Given entries:
◇ ◇ ◇ ◇ ◇ ◇ ◇
Lemma halfspace_segment_avoids_C0 (y z : vec) :
  crooked_halfspace u q (F y) -> segment_avoids_C0 y z -> crooked_halfspace u q (F z).
Proof.
move=> [w [w1 w2 w3 qwy]] yz; exists w; split => //.
have -> : F z = F y + 1 *: (F z - F y) by rewrite scale1r addrC subrK.
apply: connected_component_segment qwy _ => // t t01.
by rewrite -affine_segment //; move/chart_crooked_plane; exact: yz.
Qed.

Let T := 2 + `|ent g 2 0| / ent g 2 2.
Let w0 : vec := mkv 1 0 T.

Let T_ge2 : 2 <= T.
Proof. by rewrite lerDl divr_ge0 // ltW //; case: Sg => _ [_]. Qed.

(* [T] is chosen so large that [g w0] is future-pointing, whatever the first column of [g]. *)
Lemma halfspace_chart_base : crooked_halfspace u q (F w0).
Proof.
have g22 : 0 < ent g 2 2 by case: Sg => _ [_].
have T2 := T_ge2.
exists (g *m w0); split.
- by rewrite (proj1 Sg) /Bform !mkvE; nra.
- rewrite c3_mul !mkvE.
  have -> : ent g 2 2 * T = 2 * ent g 2 2 + `|ent g 2 0|.
    by rewrite /T mulrDr mulrCA divff ?gt_eqF // mulr1 mulrC.
  have : - ent g 2 0 <= `|ent g 2 0| by rewrite -normrN ler_norm.
  lra.
- by rewrite -gu (proj1 Sg) /Bform /v0 !mkvE; lra.
- apply: connected_component_refl => /chart_crooked_plane; apply: not_C0; left.
  by rewrite !mkvE; lra.
Qed.

Lemma stem_chart_closure (y : vec) : S0 y -> closure (crooked_halfspace u q) (F y).
Proof.
have T2 := T_ge2.
have Fray e t : F y + t *: (g *m e) = F (y + t *: e) by rewrite /F mulmxDr scalemxAr addrA.
move=> [y1 y23]; have [y3|y3] := lerP 0 (c3 y).
- have hy : 0 <= c2 y + c3 y.
    rewrite (ger0_norm y3) in y23; have := ler_norm (- c2 y); rewrite normrN; lra.
  apply: (@closure_ray _ _ (g *m mkv 1 0 1)) => t /andP [t0 t1]; rewrite Fray.
  apply: halfspace_segment_avoids_C0 halfspace_chart_base _ => r r01; apply: not_C0; left.
  rewrite !coordE !mkvE y1.
  have := convex_gt0 (@ltr01 R) t0 r01.
  have := @convex_gt0 T (c2 y + c3 y + t) r ltac:(lra) ltac:(lra) r01.
  lra.
- have hy : 0 <= c2 y - c3 y.
    rewrite (ltr0_norm y3) in y23; have := ler_norm (- c2 y); rewrite normrN; lra.
  (* go around the wing [W0m] through the points (-1,3,0) and (1,3,0) *)
  apply: (@closure_ray _ _ (g *m mkv (-1) 0 (-1))) => t /andP [t0 t1]; rewrite Fray.
  apply: (@halfspace_segment_avoids_C0 (mkv (-1) 3 0)).
    apply: (@halfspace_segment_avoids_C0 (mkv 1 3 0)).
      apply: halfspace_segment_avoids_C0 halfspace_chart_base _ => r r01; apply: not_C0; left.
      rewrite !coordE !mkvE.
      have := @convex_gt0 T 3 r ltac:(lra) ltac:(lra) r01.
      lra.
    move=> r r01; apply: not_C0; right; right; rewrite !coordE !mkvE.
    by split; [apply/eqP; lra | ring].
  move=> r r01; apply: not_C0; right; left.
  rewrite !coordE !mkvE y1.
  have := convex_gt0 (@ltr01 R) t0 r01.
  have := @convex_gt0 3 (c2 y - c3 y + t) r ltac:(lra) ltac:(lra) r01.
  lra.
Qed.

End Chart.

Lemma stem_sub_closure (u q : vec) : stem u q `<=` closure (crooked_halfspace u q).
Proof. by move=> _ [g [y [Sg gu Sy ->]]]; exact: stem_chart_closure. Qed.

Lemma affine_hpow (h : 'M[R]_3 * vec) (j : bool) : affine (hpow h j).
Proof.
case: j; first by exists h.1, h.2.
by exists (invmx h.1), (- (invmx h.1 *m h.2)) => x; rewrite /= /actinv mulmxBr.
Qed.

Lemma affine_gam m (h : 'I_m -> 'M[R]_3 * vec) (s : nat -> 'I_m * bool) k :
  affine (gam h s k).
Proof.
elim: k => [|k IH]; first by exists 1%:M, 0 => x; rewrite mul1mx addr0.
exact: affine_comp IH (affine_hpow _ _).
Qed.

Lemma hpow_surj (h : 'M[R]_3 * vec) (j : bool) : h.1 \in unitmx ->
  forall x, exists y, hpow h j y = x.
Proof.
move=> hU x; case: j.
- by exists (actinv h x); rewrite /= /act /actinv mulKVmx // subrK.
- by exists (act h x); rewrite /= /act /actinv addrK mulKmx.
Qed.

Lemma gam_surj m (h : 'I_m -> 'M[R]_3 * vec) (s : nat -> 'I_m * bool) k :
  (forall i, SO0 (h i).1) -> forall x, exists y, gam h s k y = x.
Proof.
move=> hSO; elim: k => [|k IH] x; first by exists x.
have [y1 <-] := IH x.
have [y2 <-] := hpow_surj (s k).2 (SO0_unitmx (hSO (s k).1)) y1.
by exists y2.
Qed.

Lemma dot_gt0 (d : vec) : d != 0 -> 0 < dot d d.
Proof.
move=> d0; have sq_ge0 i : 0 <= d i 0 * d i 0 by rewrite -expr2 sqr_ge0.
rewrite lt_def sumr_ge0 ?andbT //; apply: contra d0 => /eqP dd0.
have dd := psumr_eq0P (fun i _ => sq_ge0 i) dd0.
apply/eqP/matrixP => i j; rewrite (ord1 j) mxE.
by apply/eqP; rewrite -sqrf_eq0 expr2 dd.
Qed.

Lemma plane_comb (p a b x y z : vec) (c : R) :
  plane p a b x -> plane p a b y -> plane p a b z -> plane p a b (x + c *: (y - z)).
Proof.
move=> [s1 [t1 ->]] [s2 [t2 ->]] [s3 [t3 ->]].
exists (s1 + c * (s2 - s3)), (t1 + c * (t2 - t3)).
by apply/matrixP => i j; rewrite !mxE; ring.
Qed.

Lemma perp_line_not_ray_open (A : set vec) (p a b n0 d v x : vec) (sigma : R) :
  ray_open A -> plane p a b n0 -> plane p a b (n0 + d) -> d != 0 -> sigma != 0 ->
  A `&` plane p a b `<=` [set y | plane p a b y /\ 0 <= sigma * dot (y - v) d] ->
  plane p a b x -> dot (x - v) d = 0 -> ~ A x.
Proof.
move=> Ao Pn0 Pn1 d0 sig0 Ahalf Px xv Ax.
have [tau tau0 Ay] := Ao x (- sigma *: d) Ax.
have Py : plane p a b (x + tau *: (- sigma *: d)).
  by have := plane_comb (tau * - sigma) Px Pn1 Pn0; rewrite addrAC subrr add0r scalerA.
have [_] := Ahalf _ (conj Ay Py).
have -> : dot (x + tau *: (- sigma *: d) - v) d = dot (x - v) d - tau * sigma * dot d d.
  by rewrite /dot !sum3 !mxE; ring.
rewrite xv sub0r.
have sig2 : 0 < sigma * sigma by rewrite -expr2 lt_def sqr_ge0 sqrf_eq0 sig0.
have := mulr_gt0 (mulr_gt0 tau0 sig2) (dot_gt0 d0).
lra.
Qed.

Lemma perp_line_shift (p a b v v' d x z : vec) :
  plane p a b v' -> plane p a b x -> dot (x - v) d = 0 ->
  plane p a b z -> dot (z - v') d = 0 ->
  plane p a b (x + (v' - z)) /\ dot (x + (v' - z) - v) d = 0.
Proof.
move=> Pv' Px xv Pz zv'; split; first by have := plane_comb 1 Px Pv' Pz; rewrite scale1r.
have -> : dot (x + (v' - z) - v) d = dot (x - v) d - dot (z - v') d.
  by rewrite /dot !sum3 !mxE; ring.
by rewrite xv zv' subrr.
Qed.

Lemma rho_eq_sub (x y x' y' : vec) : x - y = x' - y' -> rho x y = rho x' y'.
Proof.
move=> E; rewrite /rho; congr Num.sqrt; apply: eq_bigr => i _.
by have := congr1 (fun M : vec => M i 0) E; rewrite !mxE => ->.
Qed.

Lemma segment_endpoint (v w : vec) : segment v w v.
Proof. by exists 0; rewrite lexx ler01 subr0 scale1r scale0r addr0. Qed.

End CrookedHalfspaces.

Theorem mainTheorem12 (R : realType) (m : nat)
  (h : 'I_m -> 'M[R]_3 * 'cV[R]_3) (hSO : forall i, SO0 (h i).1)
  (u q : 'I_m -> bool -> 'cV[R]_3)
  (hu : forall i j, Bform (u i j) (u i j) = 1)
  (hdisj : forall i j i' j', (i, j) != (i', j') ->
     crooked_halfspace (u i j) (q i j) `&` crooked_halfspace (u i' j') (q i' j') = set0)
  (hpair : forall i, act (h i) @` crooked_halfspace (u i false) (q i false)
                     = ~` closure (crooked_halfspace (u i true) (q i true)))
  (delta0 : R) (hdelta0 : 0 < delta0)
  (hdelta0P : forall i j i' j', (i, j) != (i', ~~ j') ->
     nbhd (~` crooked_halfspace (u i j) (q i j)) delta0 `<=`
     ~` (hpow (h i) j @` closure (crooked_halfspace (u i' j') (q i' j'))))
  (p : 'cV[R]_3)
  (hp : ~ (exists2 g, in_Gamma h g &
            (g @` closure (~` \bigcup_(ij in [set: 'I_m * bool])
                 closure (crooked_halfspace (u ij.1 ij.2) (q ij.1 ij.2)))) p))
  (s : nat -> 'I_m * bool)
  (hs : forall k, s k != ((s k.+1).1, ~~ (s k.+1).2))
  (hnest : forall k,
     gam h s k.+1 @` crooked_halfspace (u (s k.+1).1 (s k.+1).2) (q (s k.+1).1 (s k.+1).2)
     `<` gam h s k @` crooked_halfspace (u (s k).1 (s k).2) (q (s k).1 (s k).2))
  (hpin : forall k,
     (gam h s k @` crooked_halfspace (u (s k).1 (s k).2) (q (s k).1 (s k).2)) p)
  (hangle : (angle (u (s O).1 (s O).2) < (pi / 2)%:E)%E)
  (a b : 'cV[R]_3) (hdef : definite_dir a b)
  (hvert : forall g, in_Gamma h g -> forall i j, ~ plane p a b (g (q i j)))
  (nu : set 'cV[R]_3) (n0 d : 'cV[R]_3) (hd : d != 0)
  (hnu : nu = line n0 d) (hnuP : nu `<=` plane p a b)
  (hnudir : exists v w, [/\ w != v,
      plane p a b `&` (gam h s 0 @` stem (u (s O).1 (s O).2) (q (s O).1 (s O).2))
        = segment v w & exists c : R, d = c *: (w - v)])
  (L : nat -> set 'cV[R]_3)
  (hL : forall k, exists v (sigma : R), [/\
      exists2 w, w != v &
        plane p a b `&` (gam h s k @` stem (u (s k).1 (s k).2) (q (s k).1 (s k).2))
          = segment v w,
      sigma = 1 \/ sigma = -1,
      L k = [set x | plane p a b x /\ dot (x - v) d = 0] &
      (gam h s k @` crooked_halfspace (u (s k).1 (s k).2) (q (s k).1 (s k).2))
        `&` plane p a b `<=` [set x | plane p a b x /\ 0 <= sigma * dot (x - v) d]]) :
  forall delta : R, delta <= delta0 -> forall k : nat,
    (gam h s k @` nbhd (gam h s k @^-1` L k) delta) `&` L k.+1 = set0.
Proof.
move=> delta le_delta k.
pose H j := crooked_halfspace (u (s j).1 (s j).2) (q (s j).1 (s j).2).
have gamA := affine_gam h s k.
have Pn0 : plane p a b n0 by apply: hnuP; rewrite hnu; exists 0; rewrite scale0r addr0.
have Pn1 : plane p a b (n0 + d) by apply: hnuP; rewrite hnu; exists 1; rewrite scale1r.
have Lk_out y : L k (gam h s k y) -> ~ H k y.
  have [v [sig [_ sig1 -> half]]] := hL k; move=> [Py yv] Hy.
  have Ho : ray_open (gam h s k @` H k).
    exact: ray_open_image gamA (gam_surj s k hSO) (@crooked_halfspace_ray_open R _ _).
  apply: (perp_line_not_ray_open Ho Pn0 Pn1 hd _ half Py yv); last by exists y.
  by case: sig1 => ->; rewrite ?oppr_eq0 oner_eq0.
have [v' [_ [[w' _ stem_seg] _ ELk1 _]]] := hL k.+1.
apply/seteqP; split => // x [[z [y Ly yz] <-] Lzk1]; exfalso.
have := segment_endpoint v' w'; rewrite -stem_seg => -[Pv' [y0 Sy0 y0v']].
pose w := hpow (h (s k).1) (s k).2 y0.
have Ly3 : L k (gam h s k (y + (w - z))).
  have [v [_ [_ _ ELk _]]] := hL k.
  rewrite ELk /= in Ly *; rewrite ELk1 in Lzk1.
  rewrite affine_shift // [gam h s k w]y0v'.
  by case: Ly => Py yv; case: Lzk1 => Pz zv'; exact: perp_line_shift.
have Nw : nbhd (~` H k) delta0 w.
  exists (y + (w - z)); first exact: Lk_out.
  rewrite (@rho_eq_sub _ _ _ z y); first exact: lt_le_trans yz le_delta.
  by rewrite opprD addrA addrC opprB addrA subrK.
have sk : ((s k).1, (s k).2) != ((s k.+1).1, ~~ (s k.+1).2) by rewrite -surjective_pairing.
apply: (hdelta0P _ _ _ _ sk w Nw).
by exists y0 => //; exact: stem_sub_closure.
Qed.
◇ ◇ ◇ ◇ ◇ ◇ ◇
Work instructions: Each line from the start of the listing above through the line containing "apply: connected_component_segment qwy" must be reproduced exactly. Leave out the rest.

Output for this task:
Lemma halfspace_segment_avoids_C0 (y z : vec) :
  crooked_halfspace u q (F y) -> segment_avoids_C0 y z -> crooked_halfspace u q (F z).
Proof.
move=> [w [w1 w2 w3 qwy]] yz; exists w; split => //.
have -> : F z = F y + 1 *: (F z - F y) by rewrite scale1r addrC subrK.
apply: connected_component_segment qwy _ => // t t01.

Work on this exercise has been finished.